Local equities turned direction yet again during yesterday's trading session at the Malta Stock Exchange, with the major banks continuing to move in tandem. In fact both Bank of Valletta and HSBC Bank Malta traded lower by 4c or 0.6 per cent to close the day at Lm6.85.

Trading activity in Bank of Valletta was the more voluminous with 11,424 shares being exchanged across 22 trades. Most of the deals were sale orders as offer prices were lowered to fill in fresh bids on the market. At the end of the session, 552 shares remained unfilled on the bid side at Lm6.85 while 4,239 shares were offered at Lm6.86. HSBC Bank Malta's decline was brought about by 5,500 shares which were sold across 12 deals between Lm6.85 and Lm6.88, the same trade range as Bank of Valletta.

Elsewhere in the market, Malta International Airport was the most liquid equity with 15,560 shares being exchanged across 10 trades. All trades went through at the Lm1.51 level which represents a slim decline to the previous session's closing price.

Maltacom gave back 0c5 or 0.3 per cent as 7,320 shares were struck across 10 deals. Initially, the price seemed set to decline as sellers competed among themselves by lowering their offer prices. But fresh supply came to the market, sustaining the price at the Lm1.70 level.

European bourses higher as results impress

European equity markets were higher yesterday as impressive corporate earnings and gains in the financial sectors added to improving interest rate sentiment from the US overnight.
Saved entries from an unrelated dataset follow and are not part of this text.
Lemma comp_pres (K L M : cpx) (f : hom K L) (g : hom L M) :
  preserves (fun x => proj1_sig g (proj1_sig f x)).
Proof.
move=> S HS; have HfS := proj2_sig f _ HS; have HgS := proj2_sig g _ HfS.
apply: (simp_sub HgS).
  by case: (simp_ne HS) => x Sx; exists (proj1_sig g (proj1_sig f x)); exists x.
move=> y [x [Sx <-]]; exists (proj1_sig f x); split=> //; by exists x.
Qed.

Definition hom_comp (K L M : cpx) (f : hom K L) (g : hom L M) : hom K M :=
  exist _ (fun x => proj1_sig g (proj1_sig f x)) (comp_pres f g).

Definition Delta (n : nat) : cpx.
Proof.
refine (@Cpx 'I_n.+1 (fun S => exists x, S x) _ _ _ _).
- move=> S _; exists (enum 'I_n.+1) => x _; apply: In_of_mem; by rewrite mem_enum.
- by [].
- by move=> v; exists v.
- by [].
Defined.

Definition In_simp (n : nat) (S : 'I_n.+1 -> Prop) : Prop :=
  (exists x, S x) /\
  forall x y : 'I_n.+1, S x -> S y ->
    [|| x == y, (x.+1 == y :> nat) | (y.+1 == x :> nat)].

Definition In (n : nat) : cpx.
Proof.
refine (@Cpx 'I_n.+1 (@In_simp n) _ _ _ _).
- move=> S _; exists (enum 'I_n.+1) => x _; apply: In_of_mem; by rewrite mem_enum.
- by move=> S [].
- move=> v; split; first by exists v.
  by move=> x y -> ->; rewrite eqxx.
- move=> S T [_ HS] HT sub; split=> // x y Tx Ty; exact: HS (sub _ Tx) (sub _ Ty).
Defined.

Definition K1 : cpx.
Proof.
refine (@Cpx unit (fun S => exists x, S x) _ _ _ _).
- move=> S _; exists [:: tt] => -[] _; by left.
- by [].
- by move=> v; exists v.
- by [].
Defined.

Definition Empty : cpx.
Proof.
refine (@Cpx void (fun _ => False) _ _ _ _) => //; by case.
Defined.

Definition from_empty_fun (K : cpx) : vtx Empty -> vtx K := fun v => match v with end.
Lemma from_empty_pres (K : cpx) : preserves (from_empty_fun K).
Proof. by []. Qed.
Definition from_empty (K : cpx) : hom Empty K := exist _ (from_empty_fun K) (@from_empty_pres K).

Lemma endpt_pres (n : nat) (e : 'I_n.+1) : preserves (K := K1) (L := In n) (fun _ => e).
Proof.
move=> S [x Sx]; split; first by exists e; exists x.
by move=> y z [? [_ <-]] [? [_ <-]]; rewrite eqxx.
Qed.
Definition endpt (n : nat) (e : 'I_n.+1) : hom K1 (In n) := exist _ (fun _ => e) (endpt_pres e).

Definition mono (m n : nat) :=
  {t : {ffun 'I_m.+1 -> 'I_n.+1} | [forall i : 'I_m.+1, forall j : 'I_m.+1, (i <= j) ==> (t i <= t j)]}.

Lemma mono_comp_prop m k n (s : mono m k) (t : mono k n) :
  [forall i : 'I_m.+1, forall j : 'I_m.+1, (i <= j) ==>
     ([ffun x => proj1_sig t (proj1_sig s x)] i <= [ffun x => proj1_sig t (proj1_sig s x)] j)].
Proof.
apply/forallP => i; apply/forallP => j; apply/implyP => ij; rewrite !ffunE.
have /forallP/(_ (proj1_sig s i))/forallP/(_ (proj1_sig s j))/implyP := proj2_sig t; apply.
by have /forallP/(_ i)/forallP/(_ j)/implyP := proj2_sig s; apply.
Qed.

Definition mono_comp m k n (s : mono m k) (t : mono k n) : mono m n :=
  exist _ [ffun x => proj1_sig t (proj1_sig s x)] (mono_comp_prop s t).

Lemma mono_pres m n (t : mono m n) :
  preserves (K := Delta m) (L := Delta n) (fun i => proj1_sig t i).
Proof. move=> S [x Sx]; by exists (proj1_sig t x); exists x. Qed.
Definition mono_hom m n (t : mono m n) : hom (Delta m) (Delta n) := exist _ (fun i => proj1_sig t i) (mono_pres t).

Lemma const_mono_prop n (c : 'I_2) :
  [forall i : 'I_n.+1, forall j : 'I_n.+1, (i <= j) ==> ([ffun _ : 'I_n.+1 => c] i <= [ffun _ : 'I_n.+1 => c] j)].
Proof. apply/forallP => i; apply/forallP => j; by rewrite !ffunE leqnn implybT. Qed.
Definition c0 n : mono n 1 := exist _ [ffun _ : 'I_n.+1 => ord0] (const_mono_prop n ord0).
Definition c1 n : mono n 1 := exist _ [ffun _ : 'I_n.+1 => ord_max] (const_mono_prop n ord_max).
The FTSE Eurofirst 300 was up 0.3 per cent to 1,246.46, while Frankfurt's Xetra Dax was up 0.3 per cent to 5,187.73. In Paris, the CAC 40 was up 0.4 per cent to 4,600.43, and London's FTSE 100 added 0.1 per cent to 5,520.6.
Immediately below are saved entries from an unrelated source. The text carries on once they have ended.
(* Let $p:[0,1]\to\mathbb{R}_{\ge0}$ be a monotone, continuous, convex pricing function with $p(0)=0$, let $v(x)=\tau x$ with $\tau\ge0$, let $S\subset\mathbb{R}_{\ge0}$ be a finite set with $\tau\in S$, and let $\hat p=\mathrm{disc}(p,S)$. Then for every $b\in\mathbb{R}_{\ge0}$, $r(\hat p\mid v,b)\ge r(p\mid v,b)$.
   Context: Revenue: for a pricing function $q$ and budget $b$, $F=\{x\in[0,1]:q(x)\le b\}$, $u^*=\sup_{x\in F}(v(x)-q(x))$, $\mathrm{Dem}=\{x\in F:v(x)-q(x)=u^*\}$, $r(q\mid v,b)=\sup_{x\in\mathrm{Dem}}q(x)$. For convex $f:[0,1]\to\mathbb{R}$: $f'(x)=\sup_{\delta\in(0,x]}(f(x)-f(x-\delta))/\delta$ for $x>0$, $f'(0)=-\infty$, and $\ell(f\mid\beta)=\max\{x\in[0,1]:f'(x)\le\beta\}$. For non-decreasing $\mathbf{z}\in[0,1]^{k-1}$ and $\boldsymbol\alpha\in\mathbb{R}^k$, with $z_0=0$, $\mathrm{plin}(\mathbf{z},\boldsymbol\alpha)(0)=0$ and for $x>0$, $\mathrm{plin}(\mathbf{z},\boldsymbol\alpha)(x)=\sum_{j=1}^{i-1}\alpha_j(z_j-z_{j-1})+\alpha_i(x-z_{i-1})$, where $i\in[k]$ is largest with $z_{i-1}<x$. For continuous convex $f$ and $S=\{\alpha_1<\dots<\alpha_k\}$: $z_i=\ell(f\mid\alpha_i)$ for $i\in[k-1]$ and $\mathrm{disc}(f,S)=f(0)+\mathrm{plin}(\mathbf{z},\boldsymbol\alpha)$. *)

From mathcomp Require Import all_boot all_order all_algebra.
From mathcomp Require Import all_classical all_reals all_analysis.
Set Implicit Arguments. Unset Strict Implicit. Unset Printing Implicit Defensive.
Import Order.TTheory GRing.Theory Num.Theory.
Local Open Scope classical_set_scope.
Local Open Scope ring_scope.

Section Defs.
Variable R : realType.

Definition feasible (q : R -> R) (b : R) : set R :=
  [set x | 0 <= x <= 1 /\ q x <= b].

Definition opt_utility (q v : R -> R) (b : R) : R :=
  sup [set v x - q x | x in feasible q b].

Definition demand (q v : R -> R) (b : R) : set R :=
  [set x | feasible q b x /\ v x - q x = opt_utility q v b].

Definition revenue (q v : R -> R) (b : R) : R :=
  sup [set q x | x in demand q v b].

Definition lderiv (f : R -> R) (x : R) : \bar R :=
  if x <= 0 then -oo%E
  else ereal_sup [set ((f x - f (x - d)) / d)%:E | d in [set d | 0 < d <= x]].

(* ell(f | beta) = max {x in [0,1] : f'(x) <= beta}, written as a sup
   (the max exists for convex continuous f) *)
Definition ell (f : R -> R) (beta : R) : R :=
  sup [set x | 0 <= x <= 1 /\ (lderiv f x <= beta%:E)%E].

(* plin(z, alpha)(x), with z_0 = 0, z_1..z_{k-1} given by z, alpha_1..alpha_k *)
Definition plin (z alpha : nat -> R) (k : nat) (x : R) : R :=
  let zz := fun i : nat => if i == 0%N then 0 else z i in
  if x <= 0 then 0
  else
    let i := (\max_(1 <= i < k.+1 | (zz i.-1 < x)%R) i)%N in
    \sum_(1 <= j < i) alpha j * (zz j - zz j.-1) + alpha i * (x - zz i.-1).

(* S = {alpha_1 < ... < alpha_k} given as the strictly increasing list s;
   alpha_i = nth 0 s (i-1) *)
Definition alpha_of (s : seq R) (i : nat) : R := nth 0 s i.-1.

Definition disc (f : R -> R) (s : seq R) : R -> R :=
  fun x => f 0 + plin (fun i => ell f (alpha_of s i)) (alpha_of s) (size s) x.

End Defs.

From mathcomp Require Import all_boot all_order all_algebra.
From mathcomp Require Import all_classical all_reals all_analysis.
From mathcomp Require Import ring lra zify.

Set Implicit Arguments.
Unset Strict Implicit.
Unset Printing Implicit Defensive.

Import Order.TTheory GRing.Theory Num.Theory numFieldNormedType.Exports.
Local Open Scope classical_set_scope.
Local Open Scope ring_scope.

(* On [[0, 1]], [disc p s] is the continuous piecewise-linear function [G] with
   slope [alpha_i] between the breakpoints [z_(i-1)] and [z_i = ell p alpha_i].
   Since [tau] is one of the slopes, the utility [tau x - G x] increases up to
   [w = ell p tau] and decreases afterwards, while nothing beyond [w] is ever
   demanded under [p]; and below [w], convexity of [p] gives [p <= G].  So if
   [G w <= b] the buyer facing [G] demands [w] and pays [G w >= p w], and
   otherwise demands a point where the whole budget [b] is spent; either way
   the payment is at least the price [p x <= b] of any [x] demanded under [p]. *)

Section Revenue.
Variable R : realType.
Implicit Types (q v : R -> R) (b c x y : R).

Lemma demand_of_maximizer q v b y : feasible q b y ->
  (forall x, feasible q b x -> v x - q x <= v y - q y) -> demand q v b y.
Proof.
move=> fy ymax; split => //; apply/le_anti/andP; split.
  apply: ub_le_sup; last by exists y.
  by exists (v y - q y) => _ [x fx <-]; exact: ymax.
by apply: ge_sup; [exists (v y - q y); exists y | move=> _ [x fx <-]; exact: ymax].
Qed.

Lemma demand_le_revenue q v b y : demand q v b y -> q y <= revenue q v b.
Proof.
move=> dy; apply: ub_le_sup; last by exists y.
by exists b => _ [x [[_ qb] _] <-].
Qed.

(* The lower bound [0 <= c] is needed because [sup set0 = 0]. *)
Lemma revenue_le q v b c : 0 <= c ->
  (forall x, demand q v b x -> q x <= c) -> revenue q v b <= c.
Proof.
move=> c0 qc; have [[_ [x dx _]]|] := pselect ([set q x | x in demand q v b] !=set0).
  by apply: ge_sup; [exists (q x), x | move=> _ [y dy <-]; exact: qc].
by move/nonemptyPn; rewrite /revenue => ->; rewrite sup0.
Qed.

Lemma revenue_eq_on01 q1 q2 v b : (forall x, 0 <= x <= 1 -> q1 x = q2 x) ->
  revenue q1 v b = revenue q2 v b.
Proof.
move=> q12.
have eqF : feasible q1 b = feasible q2 b.
  by apply/seteqP; split => x [x01 qb]; split; rewrite // ?q12 // -q12.
have eqU : opt_utility q1 v b = opt_utility q2 v b.
  by rewrite /opt_utility eqF; congr sup; apply: eq_imagel => x [x01 _]; rewrite q12.
have eqD : demand q1 v b = demand q2 v b.
  apply/seteqP; rewrite /demand eqU eqF.
  by split => x [[x01 qb] ux]; (split; first by []); rewrite ?q12 // -q12.
by rewrite /revenue eqD; congr sup; apply: eq_imagel => x [[x01 _] _]; rewrite q12.
Qed.

End Revenue.

Lemma within01_continuous_eps (R : realType) (f : R -> R) c e :
  {within `[0, 1]%classic, continuous f} -> 0 <= c <= 1 -> 0 < e ->
  exists2 d : R, 0 < d & forall y, 0 <= y <= 1 -> `|c - y| < d -> `|f c - f y| < e.
Proof.
move=> /subspace_continuousP fcont c01 e0.
have : `[0, 1]%classic c by rewrite /= in_itv.
move=> /fcont /cvgrPdist_lt /(_ e e0); rewrite near_withinE => /nbhs_ballP [d /= d0 fd].
by exists d => // y y01 cy; apply: fd; rewrite // /= in_itv.
Qed.

Section LeftDerivative.
Variables (R : realType) (p : R -> R).
Implicit Types (beta c x : R).

Lemma lderiv_le0 x : x <= 0 -> lderiv p x = -oo%E.
Proof. by rewrite /lderiv => ->. Qed.

Lemma lderiv_leP beta x : 0 < x ->
  (lderiv p x <= beta%:E)%E <-> (forall d, 0 < d <= x -> p x - p (x - d) <= beta * d).
Proof.
move=> x0; rewrite /lderiv (leNgt x 0) x0 /=; split.
- move=> lb d /andP[d0 dx].
  rewrite -ler_pdivrMr // -lee_fin; apply: le_trans lb.
  by apply: ereal_sup_ubound; exists d; rewrite //= d0 dx.
- move=> slope; apply: ge_ereal_sup => _ [d /= /andP[d0 dx] <-].
  by rewrite lee_fin ler_pdivrMr //; apply: slope; rewrite d0 dx.
Qed.

Lemma le_ell beta x : 0 <= x <= 1 -> (lderiv p x <= beta%:E)%E -> x <= ell p beta.
Proof. by move=> x01 lx; apply: ub_le_sup => //; exists 1 => y [/andP[_ ->]]. Qed.

Lemma ell_ge0 beta : 0 <= ell p beta.
Proof. by apply: le_ell; rewrite ?lexx ?ler01 // lderiv_le0 ?leNye. Qed.

Lemma ell_le1 beta : ell p beta <= 1.
Proof.
apply: ge_sup; last by move=> x [/andP[_ ->]].
by exists 0; rewrite /= lexx ler01 lderiv_le0 ?leNye.
Qed.

Lemma ell_nondecreasing : {homo ell p : beta beta' / beta <= beta'}.
Proof.
move=> beta beta' bb'; apply: ge_sup.
  by exists 0; rewrite /= lexx ler01 lderiv_le0 ?leNye.
by move=> x [x01 lx]; apply: le_ell => //; apply: le_trans lx _; rewrite lee_fin.
Qed.

Lemma ell_gt beta c : c < ell p beta ->
  exists x, [/\ 0 <= x <= 1, (lderiv p x <= beta%:E)%E & c < x].
Proof.
move/sup_gt => [|x [x01 lx] cx]; last by exists x.
by exists 0; rewrite /= lexx ler01 lderiv_le0 ?leNye.
Qed.

Lemma demand_le_ell tau b x : 0 <= tau ->
  (forall y, 0 <= y <= 1 -> 0 <= p y) ->
  (forall y z, 0 <= y <= 1 -> 0 <= z <= 1 -> y <= z -> p y <= p z) ->
  demand p (fun y => tau * y) b x -> x <= ell p tau.
Proof.
move=> tau0 p_ge0 p_mono [[/andP[x0 x1] pxb] ux]; apply: le_ell; first by rewrite x0.
case: (lerP x 0) => [xle0|xgt0]; first by rewrite lderiv_le0 ?leNye.
apply/lderiv_leP => // d /andP[d0 dx].
have xd01 : 0 <= x - d <= 1 by apply/andP; split; lra.
have fxd : feasible p b (x - d).
  by split => //; apply: le_trans pxb; apply: p_mono => //; [rewrite x0 x1 | lra].
have : tau * (x - d) - p (x - d) <= opt_utility p (fun y => tau * y) b.
  apply: ub_le_sup; last by exists (x - d).
  exists tau => _ [y [y01 _] <-]; have [y0 y1] := andP y01.
  have : tau * y <= tau by rewrite -{2}(mulr1 tau) ler_wpM2l.
  by have := p_ge0 y y01; lra.
by rewrite -ux mulrBr; lra.
Qed.

End LeftDerivative.

Section ConvexPrice.
Variables (R : realType) (p : R -> R).
Hypothesis p_conv : forall x y t, 0 <= x <= 1 -> 0 <= y <= 1 -> 0 <= t <= 1 ->
  p (t * x + (1 - t) * y) <= t * p x + (1 - t) * p y.
Hypothesis p_cont : {within `[0, 1]%classic, continuous p}.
In Europe and Fortis, the Dutch-Belgian financial services group, reported a forecast-beating 94 per cent increase in third-quarter net profit, thanks to higher capital gains. The company also said it would embark on a screening of top managers, resulting eventually in improved revenues, although the revamp was likely to cost €200 million. Shares, which have risen eight per cent this month, fell 1.7 per cent to €25.17.
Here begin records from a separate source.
(* For $n\geq 4$, let $A_n$ be the split graph with stable set $S=\{s_1,\dots,s_n\}$, central clique $K=\{v_{ij}:1\le i<j\le n\}$, and $N(v_{ij})\cap S=\{s_i,s_j\}$ for all $1\le i<j\le n$. Then $A_n\in SVS$, the branch graph $B(A_n/K)$ is the complete graph on $\{s_1,\dots,s_n\}$, and $A_n\in[n,2,1]\setminus[n-1,2,1]$.
   Context: A graph is split if its vertex set partitions into a stable set $S$ and a clique $K$ (central clique). For $n\geq 4$, the $n$-sun $S_n$ is the split graph with stable set $\{s_1,\dots,s_n\}$, central clique $\{v_1,\dots,v_n\}$, $N(s_i)=\{v_i,v_{i+1}\}$ for $1\le i\le n-1$ and $N(s_n)=\{v_n,v_1\}$. A split graph $G$ with partition $(S,K)$ belongs to $SVS$ if: $G$ is VPT (a vertex-intersection graph of paths in a tree); every $v\in K$ satisfies $|N(v)\cap S|\le 2$; and whenever $S_k$ with $k=4$ or $k$ odd, $k\ge 5$, is an induced subgraph of $G$, some $v\in K$ is adjacent to two non-consecutive vertices of the stable set of that $S_k$. $[h,2,1]$ is the class of vertex-intersection graphs of paths in a tree of maximum degree at most $h$. For a clique $C$ of $G$, the branch graph $B(G/C)$ has vertex set the vertices of $V(G)\setminus C$ adjacent to some vertex of $C$, two such vertices $v,w$ being adjacent iff (1) $vw\notin E(G)$; (2) some vertex of $C$ is adjacent to both; (3) there exist $v',w'\in C$ with $v'$ adjacent to $v$ but not $w$, and $w'$ adjacent to $w$ but not $v$. *)

From mathcomp Require Import all_boot.
Set Implicit Arguments. Unset Strict Implicit. Unset Printing Implicit Defensive.

Definition simple_graph (V : finType) (adj : rel V) :=
  symmetric adj /\ irreflexive adj.

Definition stable_set (V : finType) (adj : rel V) (S : {set V}) :=
  forall u v, u \in S -> v \in S -> ~~ adj u v.

Definition clique (V : finType) (adj : rel V) (K : {set V}) :=
  forall u v, u \in K -> v \in K -> u != v -> adj u v.

Definition split_partition (V : finType) (adj : rel V) (S K : {set V}) :=
  [/\ S :&: K = set0, S :|: K = [set: V], stable_set adj S & clique adj K].

Definition is_tree (W : finType) (t : rel W) :=
  [/\ simple_graph t,
      (forall x y : W, connect t x y) &
      (forall c : seq W, 3 <= size c -> ~~ ucycleb t c)].

Definition is_tree_path (W : finType) (t : rel W) (P : {set W}) :=
  exists (x : W) (p : seq W), [/\ path t x p, uniq (x :: p) & P = [set y | y \in x :: p]].

Definition max_degree_le (W : finType) (t : rel W) (h : nat) :=
  forall x : W, #|[set y | t x y]| <= h.

Definition path_model (V W : finType) (adj : rel V) (t : rel W) (P : V -> {set W}) :=
  (forall v, is_tree_path t (P v)) /\
  (forall u v, u != v -> adj u v = (P u :&: P v != set0)).

Definition VPT (V : finType) (adj : rel V) :=
  exists (W : finType) (t : rel W) (P : V -> {set W}),
    is_tree t /\ path_model adj t P.

Definition h21 (h : nat) (V : finType) (adj : rel V) :=
  exists (W : finType) (t : rel W) (P : V -> {set W}),
    [/\ is_tree t, max_degree_le t h & path_model adj t P].

(** The k-sun S_k (indices 0..k-1): inl i = s_i, inr i = v_i;
    N(s_i) = {v_i, v_(i+1 mod k)}, the v_i form a clique. *)
Definition sun_adj (k : nat) (x y : 'I_k + 'I_k) : bool :=
  match x, y with
  | inl _, inl _ => false
  | inr i, inr j => i != j
  | inl i, inr j => (val j == val i) || (val j == (val i).+1 %% k)
  | inr j, inl i => (val j == val i) || (val j == (val i).+1 %% k)
  end.

Definition sun_nonconsec (k : nat) (i j : 'I_k) : bool :=
  [&& i != j, val j != (val i).+1 %% k & val i != (val j).+1 %% k].

Definition induced_sun (V : finType) (adj : rel V) (k : nat) (f : 'I_k + 'I_k -> V) :=
  injective f /\ (forall x y, x != y -> adj (f x) (f y) = sun_adj x y).

Definition SVS (V : finType) (adj : rel V) (S K : {set V}) :=
  [/\ simple_graph adj, split_partition adj S K, VPT adj,
      (forall v, v \in K -> #|[set s in S | adj v s]| <= 2) &
      (forall (k : nat), (k == 4) || (odd k && (5 <= k)) ->
        forall f : 'I_k + 'I_k -> V, induced_sun adj f ->
        exists v, v \in K /\ exists i j : 'I_k,
          [/\ sun_nonconsec i j, adj v (f (inl i)) & adj v (f (inl j))])].

Definition branch_vertices (V : finType) (adj : rel V) (C : {set V}) : {set V} :=
  [set v | (v \notin C) && [exists c in C, adj c v]].

Definition branch_adj (V : finType) (adj : rel V) (C : {set V}) (v w : V) : bool :=
  [&& ~~ adj v w,
      [exists c in C, adj c v && adj c w],
      [exists v' in C, adj v' v && ~~ adj v' w] &
      [exists w' in C, adj w' w && ~~ adj w' v]].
Wall Street's winning run continued on Tuesday after the US Federal Reserve bank appeared to be nearing an end to the current interest rate-hiking cycle, as the minutes from the last rate-setting meeting noted that "policy setting would need to be increasingly sensitive to incoming economic data". This left the Dow Jones Industrial Average up 0.5 per cent to 10,871.43, while the Nasdaq Composite added 0.5 per cent to 2,253.56. The S&P 500 climbed 0.5 per cent to 1,261.23. Japanese share indices ended on Tuesday largely flat, as gains among retailers were offset by losses in technology stocks and banking. The Nikkei 225 rose 0.2 per cent to 14,708.32 while the bank-heavy Topix fell 0.1 per cent to 1,526.54.